» **EXERCISE OBJECTIVE**: Write out every line of the data below exactly as given.
─── EXTRACTED INFORMATION ───
(* [T_i] is the closure of a fixed countably infinite set together with the nodes whose
   index in the initial ordinal [K] lies below [f i'] for some [i' < i]. *)
Lemma filtration_exists (K : Type) (ltK : K -> K -> Prop) (I : Type) (ltI : I -> I -> Prop) :
  initial_ordinal_of ltK (fun _ : T => True) -> cofinality_order ltI ltK ->
  exists Ti : I -> T -> Prop,
    (forall i, rooted_subtree le (Ti i)) /\
    (forall i, ~ finite_set (Ti i)) /\
    (forall i, card_lt (Ti i) (fun _ : T => True)) /\
    (forall i j t, ltI i j -> Ti i t -> Ti j t) /\
    (forall t, exists i, Ti i t) /\
    (forall l, is_limit ltI l -> forall t, Ti l t <-> exists i, ltI i l /\ Ti i t) /\
    (forall i, finite_adhesion_towards adj (G (Ti i)) U).
Proof.
  intros HK HI.
  pose proof HK as [WK [[_ [phi [_ Hphi]]] _]]. pose proof HI as [WI [[f [Hfinc Hfcof]] _]].
  assert (Tinf : ~ finite_set (fun _ : T => True))
    by (intro H; apply tree_uncountable, finite_countable, H).
  pose proof (cofinality_no_max ltI ltK WK HI (initial_ordinal_no_max ltK _ HK Tinf)) as Imax.
  destruct (infinite_inj_seq _ Tinf) as [sq [_ Hsq]].
  set (A := fun i t => exists i', ltI i' i /\ (phi t = f i' \/ ltK (phi t) (f i'))).
  set (Z := fun i t => (exists n, sq n = t) \/ A i t).
  assert (Zmono : forall i j, ltI i j -> forall t, Z i t -> Z j t).
  { intros i j Hij t [H|[i' [Hi' H]]]; [now left|right]. exists i'. split; auto.
    apply (wo_trans WI _ i); auto. }
  exists (fun i => closure tree_op (Z i)). split; [|split; [|split; [|split; [|split; [|split]]]]].
  - intro i. apply tree_op_closure_rooted.
  - intros i Hfin. apply nat_not_finite.
    apply (finite_inj sq _ (closure tree_op (Z i)) (fun n m _ _ => Hsq n m)); [|exact Hfin].
    intros n _. apply closure_base. left. eauto.
  - intros i.
    apply (tree_op_closure_card_lt ltK (Z i) (fun t => exists n, sq n = t) (A i) (f i) HK); auto.
    + apply countable_sub with (fun t => exists n, True /\ sq n = t); [intros t [n E]; eauto|].
      apply countable_image, countable_nat.
    + exists phi. split; [|intros a b _ _ E; apply Hphi; auto].
      intros t [i' [Hi' [->|E]]]; [apply Hfinc; auto|apply (wo_trans WK _ (f i')); auto].
  - intros i j t Hij. apply closure_mono. apply Zmono. auto.
  - intro t. destruct (Hfcof (phi t)) as [c [[i' <-] Hc]].
    destruct (Imax i') as [i Hi]. exists i. apply closure_base. right. exists i'. auto.
  - intros l [[i0 Hi0] Hlim] t. split.
    + intros Ht. destruct (closure_from_point _ _ _ Ht) as [x0 [[Hx0|[i' [Hi' Hx0]]] H1]].
      * exists i0. split; auto. apply (closure_mono _ (fun y => y = x0)); auto. intros x ->. left. auto.
      * destruct (Hlim i' Hi') as [j [Hij Hjl]]. exists j. split; auto.
        apply (closure_mono _ (fun y => y = x0)); auto. intros x ->. right. exists i'. auto.
    + intros [i [Hil Ht]]. apply (closure_mono _ (Z i)); auto. apply Zmono. auto.
  - intros i. apply tree_op_closure_finite_adhesion. exists (sq 0). left. eauto.
Qed.

End Filtration.

End NormalTree.

End OrderTree.

Theorem lemma5p1 (V : Type) (adj : V -> V -> Prop) (U : V -> Prop)
  (T : Type) (le : T -> T -> Prop) (Vt : T -> V -> Prop) :
  simple_graph adj ->
  graph_connected adj ->
  ~ countable_set U ->
  (forall Bs : (V -> Prop) -> Prop,
      branch_sets adj Bs -> rooted_branch_sets U Bs ->
      (forall X, Bs X -> countable_set X) ->
      countable_colouring_number Bs (minor_adj adj)) ->
  order_tree le ->
  normal_semi_partition_tree adj le Vt ->
  slim le Vt ->
  rooted_parts U Vt ->
  (forall u, U u -> parts_union Vt (fun _ => True) u) ->
  exists (K : Type) (ltK : K -> K -> Prop) (I : Type) (ltI : I -> I -> Prop)
         (Ti : I -> T -> Prop),
    initial_ordinal_of ltK (fun _ : T => True) /\
    cofinality_order ltI ltK /\
    (forall i, rooted_subtree le (Ti i)) /\
    (forall i, ~ finite_set (Ti i)) /\
    (forall i, card_lt (Ti i) (fun _ : T => True)) /\
    (forall i j t, ltI i j -> Ti i t -> Ti j t) /\
    (forall t, exists i, Ti i t) /\
    (forall l, is_limit ltI l -> forall t, Ti l t <-> exists i, ltI i l /\ Ti i t) /\
    (forall i, finite_adhesion_towards adj (parts_union Vt (Ti i)) U).
Proof.
  intros Hsimple _ HU Hminor Htree Hnpt Hslim Hroot HUin.
  destruct (choice (fun t x => Vt t x /\ U x) Hroot) as [xr Hxr].
  destruct (parts_colouring le adj Vt Hnpt U xr Hxr Hminor (fun _ => True)) as [R0 [HR0 HR0fin]].
  { intros s _. apply (part_countable le Htree adj Vt Hsimple Hnpt U xr Hxr Hminor Hslim). }
  destruct (initial_ordinal_exists T) as [K [ltK HK]].
  destruct (root_le le Htree) as [r _].
  pose proof HK as [WK [[_ [phi _]] _]].
  destruct (cofinality_exists K ltK WK (phi r)) as [I [ltI HI]].
  destruct (filtration_exists le Htree adj Vt Hsimple Hnpt U xr Hxr HUin Hminor Hslim HU
              R0 HR0 HR0fin K ltK I ltI HK HI) as [Ti HTi].
  exists K, ltK, I, ltI, Ti. auto.
Qed.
───
» **TASK RESULT**:
(* [T_i] is the closure of a fixed countably infinite set together with the nodes whose
   index in the initial ordinal [K] lies below [f i'] for some [i' < i]. *)
Lemma filtration_exists (K : Type) (ltK : K -> K -> Prop) (I : Type) (ltI : I -> I -> Prop) :
  initial_ordinal_of ltK (fun _ : T => True) -> cofinality_order ltI ltK ->
  exists Ti : I -> T -> Prop,
    (forall i, rooted_subtree le (Ti i)) /\
    (forall i, ~ finite_set (Ti i)) /\
    (forall i, card_lt (Ti i) (fun _ : T => True)) /\
    (forall i j t, ltI i j -> Ti i t -> Ti j t) /\
    (forall t, exists i, Ti i t) /\
    (forall l, is_limit ltI l -> forall t, Ti l t <-> exists i, ltI i l /\ Ti i t) /\
    (forall i, finite_adhesion_towards adj (G (Ti i)) U).
Proof.
  intros HK HI.
  pose proof HK as [WK [[_ [phi [_ Hphi]]] _]]. pose proof HI as [WI [[f [Hfinc Hfcof]] _]].
  assert (Tinf : ~ finite_set (fun _ : T => True))
    by (intro H; apply tree_uncountable, finite_countable, H).
  pose proof (cofinality_no_max ltI ltK WK HI (initial_ordinal_no_max ltK _ HK Tinf)) as Imax.
  destruct (infinite_inj_seq _ Tinf) as [sq [_ Hsq]].
  set (A := fun i t => exists i', ltI i' i /\ (phi t = f i' \/ ltK (phi t) (f i'))).
  set (Z := fun i t => (exists n, sq n = t) \/ A i t).
  assert (Zmono : forall i j, ltI i j -> forall t, Z i t -> Z j t).
  { intros i j Hij t [H|[i' [Hi' H]]]; [now left|right]. exists i'. split; auto.
    apply (wo_trans WI _ i); auto. }
  exists (fun i => closure tree_op (Z i)). split; [|split; [|split; [|split; [|split; [|split]]]]].
  - intro i. apply tree_op_closure_rooted.
  - intros i Hfin. apply nat_not_finite.
    apply (finite_inj sq _ (closure tree_op (Z i)) (fun n m _ _ => Hsq n m)); [|exact Hfin].
    intros n _. apply closure_base. left. eauto.
  - intros i.
    apply (tree_op_closure_card_lt ltK (Z i) (fun t => exists n, sq n = t) (A i) (f i) HK); auto.
    + apply countable_sub with (fun t => exists n, True /\ sq n = t); [intros t [n E]; eauto|].
      apply countable_image, countable_nat.
    + exists phi. split; [|intros a b _ _ E; apply Hphi; auto].
      intros t [i' [Hi' [->|E]]]; [apply Hfinc; auto|apply (wo_trans WK _ (f i')); auto].
  - intros i j t Hij. apply closure_mono. apply Zmono. auto.
  - intro t. destruct (Hfcof (phi t)) as [c [[i' <-] Hc]].
    destruct (Imax i') as [i Hi]. exists i. apply closure_base. right. exists i'. auto.
  - intros l [[i0 Hi0] Hlim] t. split.
    + intros Ht. destruct (closure_from_point _ _ _ Ht) as [x0 [[Hx0|[i' [Hi' Hx0]]] H1]].
      * exists i0. split; auto. apply (closure_mono _ (fun y => y = x0)); auto. intros x ->. left. auto.
      * destruct (Hlim i' Hi') as [j [Hij Hjl]]. exists j. split; auto.
        apply (closure_mono _ (fun y => y = x0)); auto. intros x ->. right. exists i'. auto.
    + intros [i [Hil Ht]]. apply (closure_mono _ (Z i)); auto. apply Zmono. auto.
  - intros i. apply tree_op_closure_finite_adhesion. exists (sq 0). left. eauto.
Qed.

End Filtration.

End NormalTree.

End OrderTree.

Theorem lemma5p1 (V : Type) (adj : V -> V -> Prop) (U : V -> Prop)
  (T : Type) (le : T -> T -> Prop) (Vt : T -> V -> Prop) :
  simple_graph adj ->
  graph_connected adj ->
  ~ countable_set U ->
  (forall Bs : (V -> Prop) -> Prop,
      branch_sets adj Bs -> rooted_branch_sets U Bs ->
      (forall X, Bs X -> countable_set X) ->
      countable_colouring_number Bs (minor_adj adj)) ->
  order_tree le ->
  normal_semi_partition_tree adj le Vt ->
  slim le Vt ->
  rooted_parts U Vt ->
  (forall u, U u -> parts_union Vt (fun _ => True) u) ->
  exists (K : Type) (ltK : K -> K -> Prop) (I : Type) (ltI : I -> I -> Prop)
         (Ti : I -> T -> Prop),
    initial_ordinal_of ltK (fun _ : T => True) /\
    cofinality_order ltI ltK /\
    (forall i, rooted_subtree le (Ti i)) /\
    (forall i, ~ finite_set (Ti i)) /\
    (forall i, card_lt (Ti i) (fun _ : T => True)) /\
    (forall i j t, ltI i j -> Ti i t -> Ti j t) /\
    (forall t, exists i, Ti i t) /\
    (forall l, is_limit ltI l -> forall t, Ti l t <-> exists i, ltI i l /\ Ti i t) /\
    (forall i, finite_adhesion_towards adj (parts_union Vt (Ti i)) U).
Proof.
  intros Hsimple _ HU Hminor Htree Hnpt Hslim Hroot HUin.
  destruct (choice (fun t x => Vt t x /\ U x) Hroot) as [xr Hxr].
  destruct (parts_colouring le adj Vt Hnpt U xr Hxr Hminor (fun _ => True)) as [R0 [HR0 HR0fin]].
  { intros s _. apply (part_countable le Htree adj Vt Hsimple Hnpt U xr Hxr Hminor Hslim). }
  destruct (initial_ordinal_exists T) as [K [ltK HK]].
  destruct (root_le le Htree) as [r _].
  pose proof HK as [WK [[_ [phi _]] _]].
  destruct (cofinality_exists K ltK WK (phi r)) as [I [ltI HI]].
  destruct (filtration_exists le Htree adj Vt Hsimple Hnpt U xr Hxr HUin Hminor Hslim HU
              R0 HR0 HR0fin K ltK I ltI HK HI) as [Ti HTi].
  exists K, ltK, I, ltI, Ti. auto.
Qed.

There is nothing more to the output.